Collected data entries ->
Definition UnionCat : Category :=
  InducedCat C (Ob K) Mi slice_hom slice_hom_id slice_hom_comp.
Definition UnionDiagram : Functor UnionCat C :=
  InducedFunctor C (Ob K) Mi slice_hom slice_hom_id slice_hom_comp.
Definition union_cocone : Cocone UnionDiagram a :=
  mk_cocone (D := UnionDiagram) mi (fun k k' f => proj2_sig f).

Lemma union_transition k k' (u : Hom k k') :
  exists f : Hom (Mi k) (Mi k'),
    slice_hom k k' f /\ comp f (ei k) = comp (ei k') (fmap E u).
Proof.
  destruct (proj2 (Hei k) _ _ (comp (ei k') (fmap E u)) (mi k') (mi k) (Hmi (k:=k')))
    as [d [Hd1 Hd2]].
  - rewrite comp_assoc, !Hfac. apply leg_natural.
  - exists d. split; assumption.
Qed.

Lemma union_filtered : Filtered UnionCat.
Proof.
  apply induced_filtered.
  - exact (proj1 HK).
  - intros k k'. destruct (filtered_bound HK k k') as [m [u [v _]]].
    destruct (union_transition u) as [f [Hf _]].
    destruct (union_transition v) as [g [Hg _]].
    exists m, f, g. split; assumption.
  - intros k k' f g Hf Hg. apply (Hmi (k:=k')). unfold slice_hom in *.
    rewrite Hf, Hg. reflexivity.
Qed.

Lemma union_mono_diagram : MonoDiagram UnionDiagram.
Proof.
  intros k k' [f Hf]. simpl. apply (mono_of_comp_mono (g := mi k')).
  unfold slice_hom in Hf. rewrite Hf. apply Hmi.
Qed.

Lemma union_is_colimit : IsColimit union_cocone.
Proof.
  intros y tau. split.
  - destruct (colimit_desc Hp (t := fun k => comp (leg tau k : Hom (Mi k) y) (ei k)))
      as [w Hw].
    { intros k k' u. destruct (union_transition u) as [f [Hf Hfe]].
      rewrite <- comp_assoc, <- Hfe, comp_assoc.
      f_equal. exact (leg_natural tau (exist _ f Hf : Hom (C:=UnionCat) k k')). }
    exists w. intro k. apply (proj1 (Hei k)).
    rewrite <- comp_assoc. simpl. rewrite Hfac. apply Hw.
  - intros m1 m2 H1 H2. apply (colimit_hom_ext Hp). intro k.
    rewrite <- Hfac, !comp_assoc. simpl in H1, H2. rewrite H1, H2. reflexivity.
Qed.

End ImageUnion.
Lemma dg_isomorphic_scale_swap23 (M N : 'M[k]_3) (c : 'I_3 -> k) :
  (forall i, c i != 0) ->
  (forall i j, M i j * c j ^+ 2 = c i * N (swap23 i) (swap23 j)) -> dg_isomorphic M N.
Proof.
move=> c_neq0 cMN.
pose w m := mweight c m * swap23_sign m.
have f_iso : graded_alg_iso (mono_map mswap23 w).
  apply: mono_map_graded_alg_iso => [a b|m||m|a b].
  - by apply/mnmP => j; rewrite !mnmE.
  - exact: mdeg_mperm.
  - by exists mswap23 => m; apply/mnmP => j; rewrite !mnmE swap23K.
  - by rewrite /w mulf_neq0 ?mweight_neq0 ?signr_eq0.
  - by rewrite /w mweightD -mulrA skew_sign_mswap23; ring.
apply: (dg_isomorphic_of_graded_alg_iso f_iso _ cMN) => i.
by rewrite /gen mono_mapX mswap23U /w mweightU swap23_signU mulr1.
Qed.

Lemma dg_isomorphic_mkM_E01_E02 (m12 m13 a b : k) :
  m12 * a ^+ 2 = 1 -> m13 * b ^+ 2 = 1 ->
  dg_isomorphic (mkM 0 m12 m13 0 0)
    (Eunit k (inord 0) (inord 1) + Eunit k (inord 0) (inord 2)).
Proof.
move=> m12a m13b; apply: (@dg_isomorphic_scale _ _ (fun i => nth 0 [:: 1; a; b] i)).
  have sqr_neq0 (x y : k) : y * x ^+ 2 = 1 -> x != 0.
    by apply: contra_eq_neq => ->; rewrite expr0n /= mulr0 eq_sym oner_eq0.
  case=> [[|[|[|i]]] Hi] //=.
  - exact: oner_neq0.
  - exact: sqr_neq0 m12a.
  - exact: sqr_neq0 m13b.
move=> i j; case: i => [[|[|[|i]]] Hi] //; case: j => [[|[|[|j]]] Hj] //;
  by rewrite !mxE !ord_eq_inord //= ?(mul0r, mul1r, mulr0, mulr1, add0r, addr0).
Qed.
(** Trajectory [G_n; G_{n-1}; ...; G_2] of S(n,a,d) (head = G_n). *)
Fixpoint traj (a : R) (d : nat) (n : nat) : dist (list state) :=
  match n with
  | O => dret [G2]
  | S k => if Nat.leb k 1 then dret [G2]
           else dbind (traj a d k) (fun tr =>
                  dbind (step a d n (hd G2 tr)) (fun G => dret (G :: tr)))
  end.

Definition good (a C : R) (n : nat) (tr : list state) : Prop :=
  (forall c : nat,
     INR (class_size (hd G2 tr) c) <= C * Rpower (ln (INR n)) (a + 1)) /\
  (forall Gt : state, In Gt tr ->
     Rpower (ln (INR n)) (a + 1) <= INR (nnodes Gt) ->
     forall c : nat,
       INR (class_size Gt c) <= C * Rpower (ln (INR (nnodes Gt))) (a + 1)).

From Pilot Require Import Defs.
From Stdlib Require Import Reals Lra Lia List Arith ClassicalEpsilon Classical.
Import ListNotations.
Open Scope R_scope.
(* Let $f:\mathbb{R}^{2}\to\mathbb{R}$ be smooth and normal. Then for all $x,y\in\mathbb{R}$ and all $k_{1}\neq0$, $k_{2}\neq0$, the limits $F(k_{1},y)=\lim_{r\to\infty}\int_{-r}^{r}f(x,y)e^{-ik_{1}x}\,dx$ and $G(x,k_{2})=\lim_{r\to\infty}\int_{-r}^{r}f(x,y)e^{-ik_{2}y}\,dy$ both exist, and $y\mapsto F(k_{1},y)$ and $x\mapsto G(x,k_{2})$ are of moderate decrease (i.e. bounded by $\frac{D}{|y|^{2}}$, resp. $\frac{D}{|x|^{2}}$, for $|y|>1$, resp. $|x|>1$, for some constant $D>0$).
   Context: One-variable notions: a smooth $g:\mathbb{R}\setminus V\to\mathbb{R}$, $V\subset\mathbb{R}$ bounded closed, is analytic at infinity if there exist $\epsilon_{1},\epsilon_{2}>0$ such that $g(1/t)=\sum_{n\geq1}a_{n}t^{n}$ for $0<t<\epsilon_{1}$ and $g(1/t)=\sum_{n\geq1}b_{n}t^{n}$ for $-\epsilon_{2}<t<0$, with real coefficients and both power series absolutely convergent on the respective intervals. Two-variable notions: let $f:\mathbb{R}^{2}\setminus W\to\mathbb{R}$ be smooth with $W$ closed and bounded (here $W=\emptyset$). $f$ is of very moderate decrease if there is $C>0$ with $|f(x,y)|\leq\frac{C}{|(x,y)|}$ for $|(x,y)|>1$, and of moderate decrease if $|f(x,y)|\leq\frac{C}{|(x,y)|^{2}}$ for $|(x,y)|>1$. For fixed $x$ write $f_{x}(y)=f(x,y)$ and for fixed $y$ write $f_{y}(x)=f(x,y)$. $f$ is normal if: (i) for every $x$, $f_{x}$ is analytic at infinity; (ii) for every $y$, $f_{y}$ is analytic at infinity; (iii) $f$ is of very moderate decrease; (iv) $\frac{\partial f}{\partial x}$ and $\frac{\partial f}{\partial y}$ are of moderate decrease; (v) there is a uniform bound on the number of zeros of $f_{x},(f_{x})',(f_{x})''$ and of $f_{y},(f_{y})',(f_{y})''$. *)

From Stdlib Require Import Reals Lra List.
From Coquelicot Require Import Coquelicot.
Open Scope R_scope.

What you should do ->
Copy the records above exactly.

Result of the task ->
Definition UnionCat : Category :=
  InducedCat C (Ob K) Mi slice_hom slice_hom_id slice_hom_comp.
Definition UnionDiagram : Functor UnionCat C :=
  InducedFunctor C (Ob K) Mi slice_hom slice_hom_id slice_hom_comp.
Definition union_cocone : Cocone UnionDiagram a :=
  mk_cocone (D := UnionDiagram) mi (fun k k' f => proj2_sig f).

Lemma union_transition k k' (u : Hom k k') :
  exists f : Hom (Mi k) (Mi k'),
    slice_hom k k' f /\ comp f (ei k) = comp (ei k') (fmap E u).
Proof.
  destruct (proj2 (Hei k) _ _ (comp (ei k') (fmap E u)) (mi k') (mi k) (Hmi (k:=k')))
    as [d [Hd1 Hd2]].
  - rewrite comp_assoc, !Hfac. apply leg_natural.
  - exists d. split; assumption.
Qed.

Lemma union_filtered : Filtered UnionCat.
Proof.
  apply induced_filtered.
  - exact (proj1 HK).
  - intros k k'. destruct (filtered_bound HK k k') as [m [u [v _]]].
    destruct (union_transition u) as [f [Hf _]].
    destruct (union_transition v) as [g [Hg _]].
    exists m, f, g. split; assumption.
  - intros k k' f g Hf Hg. apply (Hmi (k:=k')). unfold slice_hom in *.
    rewrite Hf, Hg. reflexivity.
Qed.

Lemma union_mono_diagram : MonoDiagram UnionDiagram.
Proof.
  intros k k' [f Hf]. simpl. apply (mono_of_comp_mono (g := mi k')).
  unfold slice_hom in Hf. rewrite Hf. apply Hmi.
Qed.

Lemma union_is_colimit : IsColimit union_cocone.
Proof.
  intros y tau. split.
  - destruct (colimit_desc Hp (t := fun k => comp (leg tau k : Hom (Mi k) y) (ei k)))
      as [w Hw].
    { intros k k' u. destruct (union_transition u) as [f [Hf Hfe]].
      rewrite <- comp_assoc, <- Hfe, comp_assoc.
      f_equal. exact (leg_natural tau (exist _ f Hf : Hom (C:=UnionCat) k k')). }
    exists w. intro k. apply (proj1 (Hei k)).
    rewrite <- comp_assoc. simpl. rewrite Hfac. apply Hw.
  - intros m1 m2 H1 H2. apply (colimit_hom_ext Hp). intro k.
    rewrite <- Hfac, !comp_assoc. simpl in H1, H2. rewrite H1, H2. reflexivity.
Qed.

End ImageUnion.
Lemma dg_isomorphic_scale_swap23 (M N : 'M[k]_3) (c : 'I_3 -> k) :
  (forall i, c i != 0) ->
  (forall i j, M i j * c j ^+ 2 = c i * N (swap23 i) (swap23 j)) -> dg_isomorphic M N.
Proof.
move=> c_neq0 cMN.
pose w m := mweight c m * swap23_sign m.
have f_iso : graded_alg_iso (mono_map mswap23 w).
  apply: mono_map_graded_alg_iso => [a b|m||m|a b].
  - by apply/mnmP => j; rewrite !mnmE.
  - exact: mdeg_mperm.
  - by exists mswap23 => m; apply/mnmP => j; rewrite !mnmE swap23K.
  - by rewrite /w mulf_neq0 ?mweight_neq0 ?signr_eq0.
  - by rewrite /w mweightD -mulrA skew_sign_mswap23; ring.
apply: (dg_isomorphic_of_graded_alg_iso f_iso _ cMN) => i.
by rewrite /gen mono_mapX mswap23U /w mweightU swap23_signU mulr1.
Qed.

Lemma dg_isomorphic_mkM_E01_E02 (m12 m13 a b : k) :
  m12 * a ^+ 2 = 1 -> m13 * b ^+ 2 = 1 ->
  dg_isomorphic (mkM 0 m12 m13 0 0)
    (Eunit k (inord 0) (inord 1) + Eunit k (inord 0) (inord 2)).
Proof.
move=> m12a m13b; apply: (@dg_isomorphic_scale _ _ (fun i => nth 0 [:: 1; a; b] i)).
  have sqr_neq0 (x y : k) : y * x ^+ 2 = 1 -> x != 0.
    by apply: contra_eq_neq => ->; rewrite expr0n /= mulr0 eq_sym oner_eq0.
  case=> [[|[|[|i]]] Hi] //=.
  - exact: oner_neq0.
  - exact: sqr_neq0 m12a.
  - exact: sqr_neq0 m13b.
move=> i j; case: i => [[|[|[|i]]] Hi] //; case: j => [[|[|[|j]]] Hj] //;
  by rewrite !mxE !ord_eq_inord //= ?(mul0r, mul1r, mulr0, mulr1, add0r, addr0).
Qed.
(** Trajectory [G_n; G_{n-1}; ...; G_2] of S(n,a,d) (head = G_n). *)
Fixpoint traj (a : R) (d : nat) (n : nat) : dist (list state) :=
  match n with
  | O => dret [G2]
  | S k => if Nat.leb k 1 then dret [G2]
           else dbind (traj a d k) (fun tr =>
                  dbind (step a d n (hd G2 tr)) (fun G => dret (G :: tr)))
  end.

Definition good (a C : R) (n : nat) (tr : list state) : Prop :=
  (forall c : nat,
     INR (class_size (hd G2 tr) c) <= C * Rpower (ln (INR n)) (a + 1)) /\
  (forall Gt : state, In Gt tr ->
     Rpower (ln (INR n)) (a + 1) <= INR (nnodes Gt) ->
     forall c : nat,
       INR (class_size Gt c) <= C * Rpower (ln (INR (nnodes Gt))) (a + 1)).

From Pilot Require Import Defs.
From Stdlib Require Import Reals Lra Lia List Arith ClassicalEpsilon Classical.
Import ListNotations.
Open Scope R_scope.
(* Let $f:\mathbb{R}^{2}\to\mathbb{R}$ be smooth and normal. Then for all $x,y\in\mathbb{R}$ and all $k_{1}\neq0$, $k_{2}\neq0$, the limits $F(k_{1},y)=\lim_{r\to\infty}\int_{-r}^{r}f(x,y)e^{-ik_{1}x}\,dx$ and $G(x,k_{2})=\lim_{r\to\infty}\int_{-r}^{r}f(x,y)e^{-ik_{2}y}\,dy$ both exist, and $y\mapsto F(k_{1},y)$ and $x\mapsto G(x,k_{2})$ are of moderate decrease (i.e. bounded by $\frac{D}{|y|^{2}}$, resp. $\frac{D}{|x|^{2}}$, for $|y|>1$, resp. $|x|>1$, for some constant $D>0$).
   Context: One-variable notions: a smooth $g:\mathbb{R}\setminus V\to\mathbb{R}$, $V\subset\mathbb{R}$ bounded closed, is analytic at infinity if there exist $\epsilon_{1},\epsilon_{2}>0$ such that $g(1/t)=\sum_{n\geq1}a_{n}t^{n}$ for $0<t<\epsilon_{1}$ and $g(1/t)=\sum_{n\geq1}b_{n}t^{n}$ for $-\epsilon_{2}<t<0$, with real coefficients and both power series absolutely convergent on the respective intervals. Two-variable notions: let $f:\mathbb{R}^{2}\setminus W\to\mathbb{R}$ be smooth with $W$ closed and bounded (here $W=\emptyset$). $f$ is of very moderate decrease if there is $C>0$ with $|f(x,y)|\leq\frac{C}{|(x,y)|}$ for $|(x,y)|>1$, and of moderate decrease if $|f(x,y)|\leq\frac{C}{|(x,y)|^{2}}$ for $|(x,y)|>1$. For fixed $x$ write $f_{x}(y)=f(x,y)$ and for fixed $y$ write $f_{y}(x)=f(x,y)$. $f$ is normal if: (i) for every $x$, $f_{x}$ is analytic at infinity; (ii) for every $y$, $f_{y}$ is analytic at infinity; (iii) $f$ is of very moderate decrease; (iv) $\frac{\partial f}{\partial x}$ and $\frac{\partial f}{\partial y}$ are of moderate decrease; (v) there is a uniform bound on the number of zeros of $f_{x},(f_{x})',(f_{x})''$ and of $f_{y},(f_{y})',(f_{y})''$. *)

From Stdlib Require Import Reals Lra List.
From Coquelicot Require Import Coquelicot.
Open Scope R_scope.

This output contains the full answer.